* HOW TO COMPLETE THIS TASK *
Start at the line below containing "have [vi_lt|vi_ge] := ltnP" and stop at the line containing "have -> : v + (w + n - v) = w + n by lia.". Repeat every line of that stretch exactly, and nothing outside it.
-------- PROVIDED INFORMATION
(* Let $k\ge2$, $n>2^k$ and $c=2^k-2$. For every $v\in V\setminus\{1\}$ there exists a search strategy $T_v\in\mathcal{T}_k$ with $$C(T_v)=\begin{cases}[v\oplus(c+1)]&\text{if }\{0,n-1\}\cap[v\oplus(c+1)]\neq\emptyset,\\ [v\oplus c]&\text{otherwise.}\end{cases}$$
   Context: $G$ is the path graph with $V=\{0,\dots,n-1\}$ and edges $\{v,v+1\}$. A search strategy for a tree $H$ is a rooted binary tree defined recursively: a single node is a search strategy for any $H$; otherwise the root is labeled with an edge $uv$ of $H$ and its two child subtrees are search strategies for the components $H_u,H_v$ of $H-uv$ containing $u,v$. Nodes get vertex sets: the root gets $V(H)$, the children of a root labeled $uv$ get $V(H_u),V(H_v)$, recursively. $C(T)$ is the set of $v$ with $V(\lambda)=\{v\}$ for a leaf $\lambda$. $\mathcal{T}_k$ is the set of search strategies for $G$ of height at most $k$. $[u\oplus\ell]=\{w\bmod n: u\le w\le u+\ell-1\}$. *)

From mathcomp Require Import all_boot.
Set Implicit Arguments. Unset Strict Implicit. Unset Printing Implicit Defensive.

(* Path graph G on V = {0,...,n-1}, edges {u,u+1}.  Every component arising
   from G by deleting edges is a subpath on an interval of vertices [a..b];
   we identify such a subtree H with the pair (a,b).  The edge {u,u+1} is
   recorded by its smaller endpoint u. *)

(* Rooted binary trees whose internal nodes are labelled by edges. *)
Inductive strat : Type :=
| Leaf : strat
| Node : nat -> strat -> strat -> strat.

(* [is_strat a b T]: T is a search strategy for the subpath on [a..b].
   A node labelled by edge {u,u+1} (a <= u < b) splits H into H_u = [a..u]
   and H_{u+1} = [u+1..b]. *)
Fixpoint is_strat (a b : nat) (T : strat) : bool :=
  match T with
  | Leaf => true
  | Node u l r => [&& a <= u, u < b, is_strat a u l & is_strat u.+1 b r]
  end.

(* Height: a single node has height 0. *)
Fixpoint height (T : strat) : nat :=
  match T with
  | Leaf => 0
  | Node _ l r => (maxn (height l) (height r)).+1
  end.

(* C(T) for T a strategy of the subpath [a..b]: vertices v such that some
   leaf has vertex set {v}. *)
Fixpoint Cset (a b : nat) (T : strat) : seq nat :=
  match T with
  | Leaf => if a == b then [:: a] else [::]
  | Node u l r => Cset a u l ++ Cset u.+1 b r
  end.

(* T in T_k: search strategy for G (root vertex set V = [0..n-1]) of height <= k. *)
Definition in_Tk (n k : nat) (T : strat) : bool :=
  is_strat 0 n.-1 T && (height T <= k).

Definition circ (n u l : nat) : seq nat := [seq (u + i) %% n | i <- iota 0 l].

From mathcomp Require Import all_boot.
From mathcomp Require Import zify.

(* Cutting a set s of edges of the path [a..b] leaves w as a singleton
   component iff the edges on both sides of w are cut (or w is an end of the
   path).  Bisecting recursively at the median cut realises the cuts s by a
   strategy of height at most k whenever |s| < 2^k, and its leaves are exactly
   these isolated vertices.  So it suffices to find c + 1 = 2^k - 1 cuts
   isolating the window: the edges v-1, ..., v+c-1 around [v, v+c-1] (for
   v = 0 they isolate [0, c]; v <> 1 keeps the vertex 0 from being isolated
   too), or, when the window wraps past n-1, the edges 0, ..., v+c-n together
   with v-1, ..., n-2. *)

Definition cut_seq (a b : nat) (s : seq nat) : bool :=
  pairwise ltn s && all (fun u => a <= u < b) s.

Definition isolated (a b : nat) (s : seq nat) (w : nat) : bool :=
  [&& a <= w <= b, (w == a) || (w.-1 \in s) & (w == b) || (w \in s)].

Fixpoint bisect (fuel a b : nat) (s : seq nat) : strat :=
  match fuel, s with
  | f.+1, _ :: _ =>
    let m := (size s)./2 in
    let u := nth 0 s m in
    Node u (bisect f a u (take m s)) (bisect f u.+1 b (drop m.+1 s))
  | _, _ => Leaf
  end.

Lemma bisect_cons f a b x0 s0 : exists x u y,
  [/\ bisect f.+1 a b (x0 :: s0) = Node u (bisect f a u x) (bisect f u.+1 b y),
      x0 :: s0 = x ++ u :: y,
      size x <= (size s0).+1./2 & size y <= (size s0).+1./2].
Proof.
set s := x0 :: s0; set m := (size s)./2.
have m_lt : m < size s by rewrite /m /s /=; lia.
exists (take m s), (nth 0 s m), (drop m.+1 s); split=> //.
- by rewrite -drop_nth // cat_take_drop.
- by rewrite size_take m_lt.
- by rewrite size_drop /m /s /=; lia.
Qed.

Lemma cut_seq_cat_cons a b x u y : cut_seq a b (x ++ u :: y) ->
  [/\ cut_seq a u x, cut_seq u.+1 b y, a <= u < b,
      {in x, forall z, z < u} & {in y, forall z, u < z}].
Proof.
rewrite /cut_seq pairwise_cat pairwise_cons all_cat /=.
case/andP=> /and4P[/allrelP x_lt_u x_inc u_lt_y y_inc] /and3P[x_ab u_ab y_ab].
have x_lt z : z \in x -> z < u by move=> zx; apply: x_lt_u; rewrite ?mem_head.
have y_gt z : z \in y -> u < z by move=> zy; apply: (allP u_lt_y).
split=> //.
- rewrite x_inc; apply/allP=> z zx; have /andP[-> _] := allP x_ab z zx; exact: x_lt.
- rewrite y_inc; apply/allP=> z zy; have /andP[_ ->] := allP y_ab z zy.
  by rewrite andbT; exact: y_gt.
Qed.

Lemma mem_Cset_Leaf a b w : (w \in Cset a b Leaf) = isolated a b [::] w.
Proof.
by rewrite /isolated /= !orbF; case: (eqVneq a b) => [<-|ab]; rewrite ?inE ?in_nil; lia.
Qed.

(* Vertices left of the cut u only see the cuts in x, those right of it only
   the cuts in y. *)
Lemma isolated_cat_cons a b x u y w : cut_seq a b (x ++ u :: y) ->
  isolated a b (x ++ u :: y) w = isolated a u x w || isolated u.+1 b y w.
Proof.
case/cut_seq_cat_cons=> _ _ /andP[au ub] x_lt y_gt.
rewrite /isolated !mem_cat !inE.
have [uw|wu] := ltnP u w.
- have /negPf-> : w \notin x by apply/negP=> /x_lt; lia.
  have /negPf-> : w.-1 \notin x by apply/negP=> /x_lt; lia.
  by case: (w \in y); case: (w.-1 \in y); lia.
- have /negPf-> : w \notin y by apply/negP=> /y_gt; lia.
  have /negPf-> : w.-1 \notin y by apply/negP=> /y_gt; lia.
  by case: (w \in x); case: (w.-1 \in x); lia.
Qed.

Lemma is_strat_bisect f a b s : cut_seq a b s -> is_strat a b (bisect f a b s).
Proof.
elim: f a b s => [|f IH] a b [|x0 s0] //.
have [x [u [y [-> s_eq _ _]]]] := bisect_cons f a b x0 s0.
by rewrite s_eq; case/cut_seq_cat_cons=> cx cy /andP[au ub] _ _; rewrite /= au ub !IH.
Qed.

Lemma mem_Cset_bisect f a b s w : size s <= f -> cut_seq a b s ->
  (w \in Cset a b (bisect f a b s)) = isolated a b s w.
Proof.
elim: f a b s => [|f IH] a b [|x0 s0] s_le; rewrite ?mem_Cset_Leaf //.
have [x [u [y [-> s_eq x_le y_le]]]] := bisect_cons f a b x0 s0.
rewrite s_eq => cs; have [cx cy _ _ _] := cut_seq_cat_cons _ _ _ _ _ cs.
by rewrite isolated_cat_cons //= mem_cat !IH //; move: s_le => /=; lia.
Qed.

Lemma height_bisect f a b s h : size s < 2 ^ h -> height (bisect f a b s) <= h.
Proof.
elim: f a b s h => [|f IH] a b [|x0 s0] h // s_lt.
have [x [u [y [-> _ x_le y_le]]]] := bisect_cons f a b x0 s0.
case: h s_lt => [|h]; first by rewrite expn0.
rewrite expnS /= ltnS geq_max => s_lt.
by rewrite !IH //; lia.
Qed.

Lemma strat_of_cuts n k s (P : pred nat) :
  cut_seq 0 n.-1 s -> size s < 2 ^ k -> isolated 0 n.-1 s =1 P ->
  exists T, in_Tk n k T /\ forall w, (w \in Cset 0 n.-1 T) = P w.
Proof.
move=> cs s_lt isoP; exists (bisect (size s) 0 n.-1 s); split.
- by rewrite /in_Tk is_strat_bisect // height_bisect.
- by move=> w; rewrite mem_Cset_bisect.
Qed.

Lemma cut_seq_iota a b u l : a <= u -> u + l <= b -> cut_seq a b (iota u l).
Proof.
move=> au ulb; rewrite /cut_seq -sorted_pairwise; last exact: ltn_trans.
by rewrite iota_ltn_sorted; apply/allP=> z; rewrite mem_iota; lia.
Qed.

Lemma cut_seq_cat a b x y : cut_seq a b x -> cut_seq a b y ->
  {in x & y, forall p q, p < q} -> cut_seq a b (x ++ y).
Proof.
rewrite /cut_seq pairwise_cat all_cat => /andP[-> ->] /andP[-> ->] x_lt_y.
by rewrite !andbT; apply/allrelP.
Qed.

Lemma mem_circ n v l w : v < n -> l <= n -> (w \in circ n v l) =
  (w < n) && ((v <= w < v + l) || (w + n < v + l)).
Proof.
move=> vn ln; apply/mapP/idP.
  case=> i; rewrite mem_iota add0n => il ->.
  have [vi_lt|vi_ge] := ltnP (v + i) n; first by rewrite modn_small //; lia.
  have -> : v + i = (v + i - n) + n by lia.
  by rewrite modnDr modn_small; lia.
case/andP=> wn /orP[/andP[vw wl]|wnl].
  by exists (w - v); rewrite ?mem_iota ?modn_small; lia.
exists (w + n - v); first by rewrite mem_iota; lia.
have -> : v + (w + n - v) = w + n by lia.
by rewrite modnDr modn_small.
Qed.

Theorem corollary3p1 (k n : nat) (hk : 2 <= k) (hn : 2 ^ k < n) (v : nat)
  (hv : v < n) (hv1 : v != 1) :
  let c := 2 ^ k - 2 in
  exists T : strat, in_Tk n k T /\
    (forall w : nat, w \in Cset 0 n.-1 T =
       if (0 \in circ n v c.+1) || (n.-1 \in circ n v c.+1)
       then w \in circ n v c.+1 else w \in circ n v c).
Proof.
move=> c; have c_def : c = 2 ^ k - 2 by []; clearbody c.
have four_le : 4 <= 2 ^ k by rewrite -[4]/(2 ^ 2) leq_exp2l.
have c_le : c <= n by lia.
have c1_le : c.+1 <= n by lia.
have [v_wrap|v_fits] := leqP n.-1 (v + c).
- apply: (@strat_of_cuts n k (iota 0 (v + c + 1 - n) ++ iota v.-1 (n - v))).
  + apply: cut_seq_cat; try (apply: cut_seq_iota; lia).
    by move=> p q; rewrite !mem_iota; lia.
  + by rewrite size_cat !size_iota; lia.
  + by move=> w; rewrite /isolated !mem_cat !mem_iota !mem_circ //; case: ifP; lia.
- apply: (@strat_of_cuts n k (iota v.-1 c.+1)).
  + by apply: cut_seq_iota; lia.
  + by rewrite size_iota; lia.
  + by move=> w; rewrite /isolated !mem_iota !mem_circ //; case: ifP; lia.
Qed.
----------------
* OUTPUT BELOW *
  have [vi_lt|vi_ge] := ltnP (v + i) n; first by rewrite modn_small //; lia.
  have -> : v + i = (v + i - n) + n by lia.
  by rewrite modnDr modn_small; lia.
case/andP=> wn /orP[/andP[vw wl]|wnl].
  by exists (w - v); rewrite ?mem_iota ?modn_small; lia.
exists (w + n - v); first by rewrite mem_iota; lia.
have -> : v + (w + n - v) = w + n by lia.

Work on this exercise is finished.